WHAT YOU SHOULD DO: Some entries follow. Reproduce exactly the lines starting at the one with "case: eqP => [eb|_]; last by rewrite coef0." and stopping after the one with "rewrite (bigD1 (Ordinal".

*** DATASET CONTENT Section Begins ***

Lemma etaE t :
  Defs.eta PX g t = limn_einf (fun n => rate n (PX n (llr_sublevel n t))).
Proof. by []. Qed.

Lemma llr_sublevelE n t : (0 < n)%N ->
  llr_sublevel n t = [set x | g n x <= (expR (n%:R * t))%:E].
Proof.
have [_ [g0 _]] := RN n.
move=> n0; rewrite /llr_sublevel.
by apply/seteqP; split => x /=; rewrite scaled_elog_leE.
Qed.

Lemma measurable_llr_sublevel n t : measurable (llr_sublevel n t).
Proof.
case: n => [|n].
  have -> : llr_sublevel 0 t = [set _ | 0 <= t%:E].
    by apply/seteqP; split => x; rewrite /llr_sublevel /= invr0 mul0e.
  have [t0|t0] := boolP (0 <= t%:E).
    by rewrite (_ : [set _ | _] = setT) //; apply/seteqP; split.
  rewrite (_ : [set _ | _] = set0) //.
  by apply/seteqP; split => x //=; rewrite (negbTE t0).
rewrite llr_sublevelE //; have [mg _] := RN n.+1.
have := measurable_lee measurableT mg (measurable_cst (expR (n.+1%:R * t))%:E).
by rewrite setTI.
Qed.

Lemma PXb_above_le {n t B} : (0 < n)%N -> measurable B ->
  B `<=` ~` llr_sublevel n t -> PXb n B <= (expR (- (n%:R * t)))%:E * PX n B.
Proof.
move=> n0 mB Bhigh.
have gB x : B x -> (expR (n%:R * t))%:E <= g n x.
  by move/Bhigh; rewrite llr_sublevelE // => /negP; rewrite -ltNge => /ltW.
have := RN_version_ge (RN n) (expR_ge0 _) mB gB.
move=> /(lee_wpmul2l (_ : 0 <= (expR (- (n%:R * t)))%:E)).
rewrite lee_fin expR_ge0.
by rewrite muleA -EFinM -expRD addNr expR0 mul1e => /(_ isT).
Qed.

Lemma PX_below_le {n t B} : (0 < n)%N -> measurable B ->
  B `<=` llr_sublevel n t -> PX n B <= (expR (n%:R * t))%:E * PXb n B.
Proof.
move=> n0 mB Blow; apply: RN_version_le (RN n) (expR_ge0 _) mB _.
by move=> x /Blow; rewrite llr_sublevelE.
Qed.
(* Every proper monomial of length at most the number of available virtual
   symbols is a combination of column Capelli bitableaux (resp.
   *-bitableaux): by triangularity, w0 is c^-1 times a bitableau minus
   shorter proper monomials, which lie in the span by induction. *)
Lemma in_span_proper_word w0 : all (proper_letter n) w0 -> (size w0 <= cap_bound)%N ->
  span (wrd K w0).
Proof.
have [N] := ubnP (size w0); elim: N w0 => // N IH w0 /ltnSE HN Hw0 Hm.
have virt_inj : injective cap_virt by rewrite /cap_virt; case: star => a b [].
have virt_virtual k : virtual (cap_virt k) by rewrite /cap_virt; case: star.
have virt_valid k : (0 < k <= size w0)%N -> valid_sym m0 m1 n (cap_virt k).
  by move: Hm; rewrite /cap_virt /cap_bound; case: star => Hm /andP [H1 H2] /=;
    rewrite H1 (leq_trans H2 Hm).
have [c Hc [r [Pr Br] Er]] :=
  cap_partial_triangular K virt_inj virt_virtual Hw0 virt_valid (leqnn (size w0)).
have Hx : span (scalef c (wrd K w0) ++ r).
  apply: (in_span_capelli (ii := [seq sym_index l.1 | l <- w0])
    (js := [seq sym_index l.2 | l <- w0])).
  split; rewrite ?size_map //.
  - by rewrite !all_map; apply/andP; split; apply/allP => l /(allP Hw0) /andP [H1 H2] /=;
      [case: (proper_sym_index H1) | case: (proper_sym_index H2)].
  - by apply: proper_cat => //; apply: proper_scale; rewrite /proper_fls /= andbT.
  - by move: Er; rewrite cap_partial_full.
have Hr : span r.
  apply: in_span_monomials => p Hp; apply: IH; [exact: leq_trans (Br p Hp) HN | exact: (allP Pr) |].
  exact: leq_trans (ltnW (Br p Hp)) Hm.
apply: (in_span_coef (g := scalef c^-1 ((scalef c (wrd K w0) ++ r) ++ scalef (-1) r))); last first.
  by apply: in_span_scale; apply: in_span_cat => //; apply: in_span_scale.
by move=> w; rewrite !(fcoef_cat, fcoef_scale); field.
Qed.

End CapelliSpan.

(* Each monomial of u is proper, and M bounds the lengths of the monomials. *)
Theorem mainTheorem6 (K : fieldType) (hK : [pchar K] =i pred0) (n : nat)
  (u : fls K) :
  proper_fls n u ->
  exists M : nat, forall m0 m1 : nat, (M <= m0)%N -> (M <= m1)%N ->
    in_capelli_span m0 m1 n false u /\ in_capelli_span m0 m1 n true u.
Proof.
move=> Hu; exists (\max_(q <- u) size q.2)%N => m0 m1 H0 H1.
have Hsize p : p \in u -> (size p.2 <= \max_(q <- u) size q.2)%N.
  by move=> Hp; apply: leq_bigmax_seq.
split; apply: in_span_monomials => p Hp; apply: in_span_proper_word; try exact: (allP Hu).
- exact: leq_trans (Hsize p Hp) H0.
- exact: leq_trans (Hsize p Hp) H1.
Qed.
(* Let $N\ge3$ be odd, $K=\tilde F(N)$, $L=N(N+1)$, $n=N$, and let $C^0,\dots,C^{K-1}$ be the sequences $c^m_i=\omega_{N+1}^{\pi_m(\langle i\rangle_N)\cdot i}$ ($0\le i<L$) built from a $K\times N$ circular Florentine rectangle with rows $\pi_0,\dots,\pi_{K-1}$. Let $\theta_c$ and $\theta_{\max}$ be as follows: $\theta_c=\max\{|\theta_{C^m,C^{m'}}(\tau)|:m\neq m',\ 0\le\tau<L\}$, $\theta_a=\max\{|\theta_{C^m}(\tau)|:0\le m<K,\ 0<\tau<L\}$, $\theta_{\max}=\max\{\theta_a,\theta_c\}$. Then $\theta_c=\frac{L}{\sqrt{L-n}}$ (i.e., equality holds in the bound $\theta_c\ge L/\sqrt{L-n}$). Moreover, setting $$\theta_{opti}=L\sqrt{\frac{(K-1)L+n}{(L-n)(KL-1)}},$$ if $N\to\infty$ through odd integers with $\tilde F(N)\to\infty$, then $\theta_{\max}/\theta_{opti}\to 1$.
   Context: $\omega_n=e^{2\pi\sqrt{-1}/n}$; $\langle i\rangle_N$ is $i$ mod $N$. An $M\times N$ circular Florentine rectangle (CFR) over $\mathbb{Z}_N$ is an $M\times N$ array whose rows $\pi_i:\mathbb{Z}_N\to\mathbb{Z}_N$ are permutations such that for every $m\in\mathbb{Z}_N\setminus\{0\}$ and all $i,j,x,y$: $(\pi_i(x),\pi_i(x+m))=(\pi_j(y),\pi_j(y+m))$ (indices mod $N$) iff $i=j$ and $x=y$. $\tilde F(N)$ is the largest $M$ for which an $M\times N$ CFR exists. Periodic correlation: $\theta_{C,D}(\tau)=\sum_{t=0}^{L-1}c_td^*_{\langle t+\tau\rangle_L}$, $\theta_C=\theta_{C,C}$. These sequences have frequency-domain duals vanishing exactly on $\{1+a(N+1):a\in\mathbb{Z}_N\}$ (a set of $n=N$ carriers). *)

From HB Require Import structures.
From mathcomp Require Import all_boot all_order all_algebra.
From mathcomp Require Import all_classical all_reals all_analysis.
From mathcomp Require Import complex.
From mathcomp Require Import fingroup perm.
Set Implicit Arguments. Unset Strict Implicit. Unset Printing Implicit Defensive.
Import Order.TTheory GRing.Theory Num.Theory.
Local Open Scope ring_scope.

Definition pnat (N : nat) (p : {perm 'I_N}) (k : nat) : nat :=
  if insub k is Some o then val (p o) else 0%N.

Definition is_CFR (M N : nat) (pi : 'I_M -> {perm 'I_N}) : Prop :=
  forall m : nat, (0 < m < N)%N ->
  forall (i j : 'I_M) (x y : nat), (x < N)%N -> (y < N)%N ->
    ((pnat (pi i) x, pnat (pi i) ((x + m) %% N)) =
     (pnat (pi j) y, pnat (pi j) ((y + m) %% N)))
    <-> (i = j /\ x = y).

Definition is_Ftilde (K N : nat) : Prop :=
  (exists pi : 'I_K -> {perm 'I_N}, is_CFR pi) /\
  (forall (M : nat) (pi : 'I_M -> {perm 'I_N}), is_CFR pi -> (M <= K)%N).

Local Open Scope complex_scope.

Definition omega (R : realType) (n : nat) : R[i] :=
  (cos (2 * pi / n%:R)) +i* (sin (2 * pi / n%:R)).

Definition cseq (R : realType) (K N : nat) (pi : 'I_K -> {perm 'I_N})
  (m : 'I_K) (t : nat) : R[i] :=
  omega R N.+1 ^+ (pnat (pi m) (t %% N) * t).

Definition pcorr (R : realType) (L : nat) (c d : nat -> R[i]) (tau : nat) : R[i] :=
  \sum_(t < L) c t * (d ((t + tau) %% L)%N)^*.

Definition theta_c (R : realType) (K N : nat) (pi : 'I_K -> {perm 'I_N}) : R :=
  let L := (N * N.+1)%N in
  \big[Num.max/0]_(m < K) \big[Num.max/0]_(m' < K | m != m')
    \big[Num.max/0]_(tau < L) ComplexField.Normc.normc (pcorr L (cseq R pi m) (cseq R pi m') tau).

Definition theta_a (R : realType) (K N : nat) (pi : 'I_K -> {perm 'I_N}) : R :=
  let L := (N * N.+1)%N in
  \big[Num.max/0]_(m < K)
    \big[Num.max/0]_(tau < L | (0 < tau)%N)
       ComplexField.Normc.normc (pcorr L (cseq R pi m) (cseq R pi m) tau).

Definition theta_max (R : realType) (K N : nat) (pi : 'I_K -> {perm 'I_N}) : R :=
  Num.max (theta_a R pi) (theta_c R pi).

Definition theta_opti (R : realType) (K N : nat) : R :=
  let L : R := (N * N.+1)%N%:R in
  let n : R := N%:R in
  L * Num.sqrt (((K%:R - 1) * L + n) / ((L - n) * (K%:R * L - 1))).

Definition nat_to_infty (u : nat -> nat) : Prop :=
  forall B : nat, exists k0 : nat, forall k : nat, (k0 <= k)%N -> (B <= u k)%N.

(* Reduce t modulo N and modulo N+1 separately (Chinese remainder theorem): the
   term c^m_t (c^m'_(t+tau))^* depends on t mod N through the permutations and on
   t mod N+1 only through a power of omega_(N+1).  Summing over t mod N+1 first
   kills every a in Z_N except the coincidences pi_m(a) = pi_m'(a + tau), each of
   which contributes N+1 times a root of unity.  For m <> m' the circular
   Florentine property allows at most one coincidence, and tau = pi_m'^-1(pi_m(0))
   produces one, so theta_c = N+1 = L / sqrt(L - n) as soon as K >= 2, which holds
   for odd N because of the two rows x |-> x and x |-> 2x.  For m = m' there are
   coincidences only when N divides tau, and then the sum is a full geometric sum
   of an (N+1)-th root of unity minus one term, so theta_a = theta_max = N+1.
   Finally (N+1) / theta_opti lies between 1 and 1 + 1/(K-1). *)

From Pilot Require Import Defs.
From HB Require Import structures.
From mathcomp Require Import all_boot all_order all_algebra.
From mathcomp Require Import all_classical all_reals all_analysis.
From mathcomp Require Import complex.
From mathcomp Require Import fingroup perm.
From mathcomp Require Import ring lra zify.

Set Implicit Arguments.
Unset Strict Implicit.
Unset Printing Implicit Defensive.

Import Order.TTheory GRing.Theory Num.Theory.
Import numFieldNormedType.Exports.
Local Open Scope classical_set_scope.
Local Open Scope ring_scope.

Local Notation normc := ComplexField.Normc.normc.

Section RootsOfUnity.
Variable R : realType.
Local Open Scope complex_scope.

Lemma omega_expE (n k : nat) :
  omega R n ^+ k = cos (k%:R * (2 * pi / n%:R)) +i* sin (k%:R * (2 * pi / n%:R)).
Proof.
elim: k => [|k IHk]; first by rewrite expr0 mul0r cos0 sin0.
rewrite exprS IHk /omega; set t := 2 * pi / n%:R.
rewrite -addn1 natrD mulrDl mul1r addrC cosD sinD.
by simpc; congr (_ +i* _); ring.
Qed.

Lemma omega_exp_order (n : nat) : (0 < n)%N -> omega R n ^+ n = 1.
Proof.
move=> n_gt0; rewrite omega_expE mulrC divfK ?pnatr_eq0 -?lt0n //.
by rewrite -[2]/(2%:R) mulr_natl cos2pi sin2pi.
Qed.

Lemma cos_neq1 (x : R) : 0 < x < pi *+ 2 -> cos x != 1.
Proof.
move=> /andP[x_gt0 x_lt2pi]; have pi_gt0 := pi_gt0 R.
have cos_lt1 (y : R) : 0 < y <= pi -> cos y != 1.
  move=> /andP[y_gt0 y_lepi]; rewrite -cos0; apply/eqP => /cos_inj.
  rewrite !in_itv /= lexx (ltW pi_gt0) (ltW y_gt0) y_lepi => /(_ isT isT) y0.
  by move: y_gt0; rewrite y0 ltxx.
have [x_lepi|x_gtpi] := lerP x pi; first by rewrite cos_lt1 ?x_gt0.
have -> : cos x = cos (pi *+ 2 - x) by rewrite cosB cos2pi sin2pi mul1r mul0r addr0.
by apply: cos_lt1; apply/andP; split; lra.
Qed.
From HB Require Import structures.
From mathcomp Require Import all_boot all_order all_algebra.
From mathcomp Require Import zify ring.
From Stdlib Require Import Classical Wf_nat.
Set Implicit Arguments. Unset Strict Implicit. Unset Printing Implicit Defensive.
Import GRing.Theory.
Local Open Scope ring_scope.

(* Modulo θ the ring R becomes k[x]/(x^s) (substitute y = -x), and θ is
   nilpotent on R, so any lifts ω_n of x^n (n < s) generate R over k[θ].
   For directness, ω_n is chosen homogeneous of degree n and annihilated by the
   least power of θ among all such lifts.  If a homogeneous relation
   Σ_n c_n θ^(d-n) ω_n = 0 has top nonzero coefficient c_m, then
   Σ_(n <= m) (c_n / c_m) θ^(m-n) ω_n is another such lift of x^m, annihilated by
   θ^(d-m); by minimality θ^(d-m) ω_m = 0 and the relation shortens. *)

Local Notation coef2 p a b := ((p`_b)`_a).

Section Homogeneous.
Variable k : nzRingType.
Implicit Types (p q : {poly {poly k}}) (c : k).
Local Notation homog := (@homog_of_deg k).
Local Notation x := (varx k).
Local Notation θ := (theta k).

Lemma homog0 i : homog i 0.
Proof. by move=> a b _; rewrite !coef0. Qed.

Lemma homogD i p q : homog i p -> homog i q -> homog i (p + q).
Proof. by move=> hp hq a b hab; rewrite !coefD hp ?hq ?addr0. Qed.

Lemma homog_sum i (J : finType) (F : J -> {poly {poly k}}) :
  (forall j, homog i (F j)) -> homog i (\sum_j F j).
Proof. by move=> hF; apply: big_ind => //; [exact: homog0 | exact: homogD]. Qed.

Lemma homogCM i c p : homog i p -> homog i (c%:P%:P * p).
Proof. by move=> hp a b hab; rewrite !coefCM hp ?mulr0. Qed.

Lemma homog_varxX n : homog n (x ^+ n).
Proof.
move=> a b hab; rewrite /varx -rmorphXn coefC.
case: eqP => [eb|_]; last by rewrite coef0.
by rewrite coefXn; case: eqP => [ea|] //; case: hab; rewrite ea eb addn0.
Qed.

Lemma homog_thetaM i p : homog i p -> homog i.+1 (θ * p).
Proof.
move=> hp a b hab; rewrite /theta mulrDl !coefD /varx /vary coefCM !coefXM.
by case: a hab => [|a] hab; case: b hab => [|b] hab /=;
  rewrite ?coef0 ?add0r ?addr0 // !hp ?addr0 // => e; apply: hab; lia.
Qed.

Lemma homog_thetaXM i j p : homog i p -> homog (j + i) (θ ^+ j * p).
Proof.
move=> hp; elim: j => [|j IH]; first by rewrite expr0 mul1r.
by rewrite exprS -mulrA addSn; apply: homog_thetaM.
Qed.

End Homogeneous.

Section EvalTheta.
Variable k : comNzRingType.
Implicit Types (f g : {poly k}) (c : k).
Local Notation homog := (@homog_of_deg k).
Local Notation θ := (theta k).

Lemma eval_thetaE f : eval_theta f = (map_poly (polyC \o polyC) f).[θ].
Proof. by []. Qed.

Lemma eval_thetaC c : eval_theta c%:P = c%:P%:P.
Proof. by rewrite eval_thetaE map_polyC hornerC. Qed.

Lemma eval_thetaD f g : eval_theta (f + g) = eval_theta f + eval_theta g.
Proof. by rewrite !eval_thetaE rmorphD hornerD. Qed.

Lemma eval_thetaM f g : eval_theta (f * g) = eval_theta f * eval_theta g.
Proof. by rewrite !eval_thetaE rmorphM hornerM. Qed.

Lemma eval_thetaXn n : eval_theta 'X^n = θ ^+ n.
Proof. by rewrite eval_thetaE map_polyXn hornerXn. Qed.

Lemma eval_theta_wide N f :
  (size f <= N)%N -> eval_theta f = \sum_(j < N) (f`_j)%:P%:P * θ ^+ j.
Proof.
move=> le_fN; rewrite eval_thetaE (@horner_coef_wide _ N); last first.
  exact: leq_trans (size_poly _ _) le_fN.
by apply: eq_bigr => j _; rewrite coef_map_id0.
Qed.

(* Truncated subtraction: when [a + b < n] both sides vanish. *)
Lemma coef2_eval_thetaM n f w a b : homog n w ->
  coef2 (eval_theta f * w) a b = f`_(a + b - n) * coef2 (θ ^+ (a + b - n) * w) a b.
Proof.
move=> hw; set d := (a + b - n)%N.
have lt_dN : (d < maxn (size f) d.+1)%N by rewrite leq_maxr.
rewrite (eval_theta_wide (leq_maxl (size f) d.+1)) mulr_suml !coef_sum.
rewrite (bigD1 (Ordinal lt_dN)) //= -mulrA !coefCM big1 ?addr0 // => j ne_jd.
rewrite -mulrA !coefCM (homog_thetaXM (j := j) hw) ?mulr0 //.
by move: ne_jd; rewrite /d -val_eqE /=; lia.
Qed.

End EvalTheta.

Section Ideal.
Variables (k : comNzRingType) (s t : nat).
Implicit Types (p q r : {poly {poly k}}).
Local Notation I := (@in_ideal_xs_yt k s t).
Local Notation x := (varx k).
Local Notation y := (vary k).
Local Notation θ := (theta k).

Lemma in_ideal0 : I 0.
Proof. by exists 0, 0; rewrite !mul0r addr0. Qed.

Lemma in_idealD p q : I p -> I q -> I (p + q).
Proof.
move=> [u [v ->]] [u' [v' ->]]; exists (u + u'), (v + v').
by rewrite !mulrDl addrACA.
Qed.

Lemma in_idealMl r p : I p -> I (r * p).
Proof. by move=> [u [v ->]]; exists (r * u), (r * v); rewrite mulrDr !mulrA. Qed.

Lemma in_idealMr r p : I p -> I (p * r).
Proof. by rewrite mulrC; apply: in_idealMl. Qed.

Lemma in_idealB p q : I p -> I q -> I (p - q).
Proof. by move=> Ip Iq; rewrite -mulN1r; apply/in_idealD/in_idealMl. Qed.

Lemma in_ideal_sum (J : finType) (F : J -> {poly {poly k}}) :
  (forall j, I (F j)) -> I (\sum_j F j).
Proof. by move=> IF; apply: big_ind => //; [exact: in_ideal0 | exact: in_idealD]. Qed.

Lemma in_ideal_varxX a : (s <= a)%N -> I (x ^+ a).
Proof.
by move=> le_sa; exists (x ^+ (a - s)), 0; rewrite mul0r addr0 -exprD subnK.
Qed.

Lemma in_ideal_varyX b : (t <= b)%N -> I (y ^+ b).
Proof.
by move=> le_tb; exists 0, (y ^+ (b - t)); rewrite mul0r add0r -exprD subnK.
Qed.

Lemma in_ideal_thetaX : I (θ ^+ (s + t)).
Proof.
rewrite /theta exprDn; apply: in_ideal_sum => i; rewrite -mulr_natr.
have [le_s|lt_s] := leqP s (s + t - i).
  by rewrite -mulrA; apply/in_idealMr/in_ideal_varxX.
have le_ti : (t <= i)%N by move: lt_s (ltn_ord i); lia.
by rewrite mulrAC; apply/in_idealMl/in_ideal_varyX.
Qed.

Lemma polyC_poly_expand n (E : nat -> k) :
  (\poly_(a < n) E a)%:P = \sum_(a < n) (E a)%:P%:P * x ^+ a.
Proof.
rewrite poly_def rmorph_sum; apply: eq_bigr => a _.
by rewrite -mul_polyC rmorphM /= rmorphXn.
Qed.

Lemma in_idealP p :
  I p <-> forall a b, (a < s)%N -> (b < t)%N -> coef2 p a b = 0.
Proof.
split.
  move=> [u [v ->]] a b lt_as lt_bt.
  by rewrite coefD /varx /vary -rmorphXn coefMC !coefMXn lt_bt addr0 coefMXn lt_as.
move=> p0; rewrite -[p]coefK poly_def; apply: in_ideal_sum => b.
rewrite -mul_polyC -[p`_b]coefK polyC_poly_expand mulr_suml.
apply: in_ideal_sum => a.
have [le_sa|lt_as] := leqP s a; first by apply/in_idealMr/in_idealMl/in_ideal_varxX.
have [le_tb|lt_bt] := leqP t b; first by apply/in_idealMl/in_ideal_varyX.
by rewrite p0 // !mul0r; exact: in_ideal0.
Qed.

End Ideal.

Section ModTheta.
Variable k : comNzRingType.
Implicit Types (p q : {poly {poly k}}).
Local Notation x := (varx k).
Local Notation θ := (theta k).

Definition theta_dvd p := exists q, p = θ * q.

*** DATASET CONTENT Section Ends ***

EXERCISE ANSWER:
case: eqP => [eb|_]; last by rewrite coef0.
by rewrite coefXn; case: eqP => [ea|] //; case: hab; rewrite ea eb addn0.
Qed.

Lemma homog_thetaM i p : homog i p -> homog i.+1 (θ * p).
Proof.
move=> hp a b hab; rewrite /theta mulrDl !coefD /varx /vary coefCM !coefXM.
by case: a hab => [|a] hab; case: b hab => [|b] hab /=;
  rewrite ?coef0 ?add0r ?addr0 // !hp ?addr0 // => e; apply: hab; lia.
Qed.

Lemma homog_thetaXM i j p : homog i p -> homog (j + i) (θ ^+ j * p).
Proof.
move=> hp; elim: j => [|j IH]; first by rewrite expr0 mul1r.
by rewrite exprS -mulrA addSn; apply: homog_thetaM.
Qed.

End Homogeneous.

Section EvalTheta.
Variable k : comNzRingType.
Implicit Types (f g : {poly k}) (c : k).
Local Notation homog := (@homog_of_deg k).
Local Notation θ := (theta k).

Lemma eval_thetaE f : eval_theta f = (map_poly (polyC \o polyC) f).[θ].
Proof. by []. Qed.

Lemma eval_thetaC c : eval_theta c%:P = c%:P%:P.
Proof. by rewrite eval_thetaE map_polyC hornerC. Qed.

Lemma eval_thetaD f g : eval_theta (f + g) = eval_theta f + eval_theta g.
Proof. by rewrite !eval_thetaE rmorphD hornerD. Qed.

Lemma eval_thetaM f g : eval_theta (f * g) = eval_theta f * eval_theta g.
Proof. by rewrite !eval_thetaE rmorphM hornerM. Qed.

Lemma eval_thetaXn n : eval_theta 'X^n = θ ^+ n.
Proof. by rewrite eval_thetaE map_polyXn hornerXn. Qed.

Lemma eval_theta_wide N f :
  (size f <= N)%N -> eval_theta f = \sum_(j < N) (f`_j)%:P%:P * θ ^+ j.
Proof.
move=> le_fN; rewrite eval_thetaE (@horner_coef_wide _ N); last first.
  exact: leq_trans (size_poly _ _) le_fN.
by apply: eq_bigr => j _; rewrite coef_map_id0.
Qed.

(* Truncated subtraction: when [a + b < n] both sides vanish. *)
Lemma coef2_eval_thetaM n f w a b : homog n w ->
  coef2 (eval_theta f * w) a b = f`_(a + b - n) * coef2 (θ ^+ (a + b - n) * w) a b.
Proof.
move=> hw; set d := (a + b - n)%N.
have lt_dN : (d < maxn (size f) d.+1)%N by rewrite leq_maxr.
rewrite (eval_theta_wide (leq_maxl (size f) d.+1)) mulr_suml !coef_sum.
rewrite (bigD1 (Ordinal lt_dN)) //= -mulrA !coefCM big1 ?addr0 // => j ne_jd.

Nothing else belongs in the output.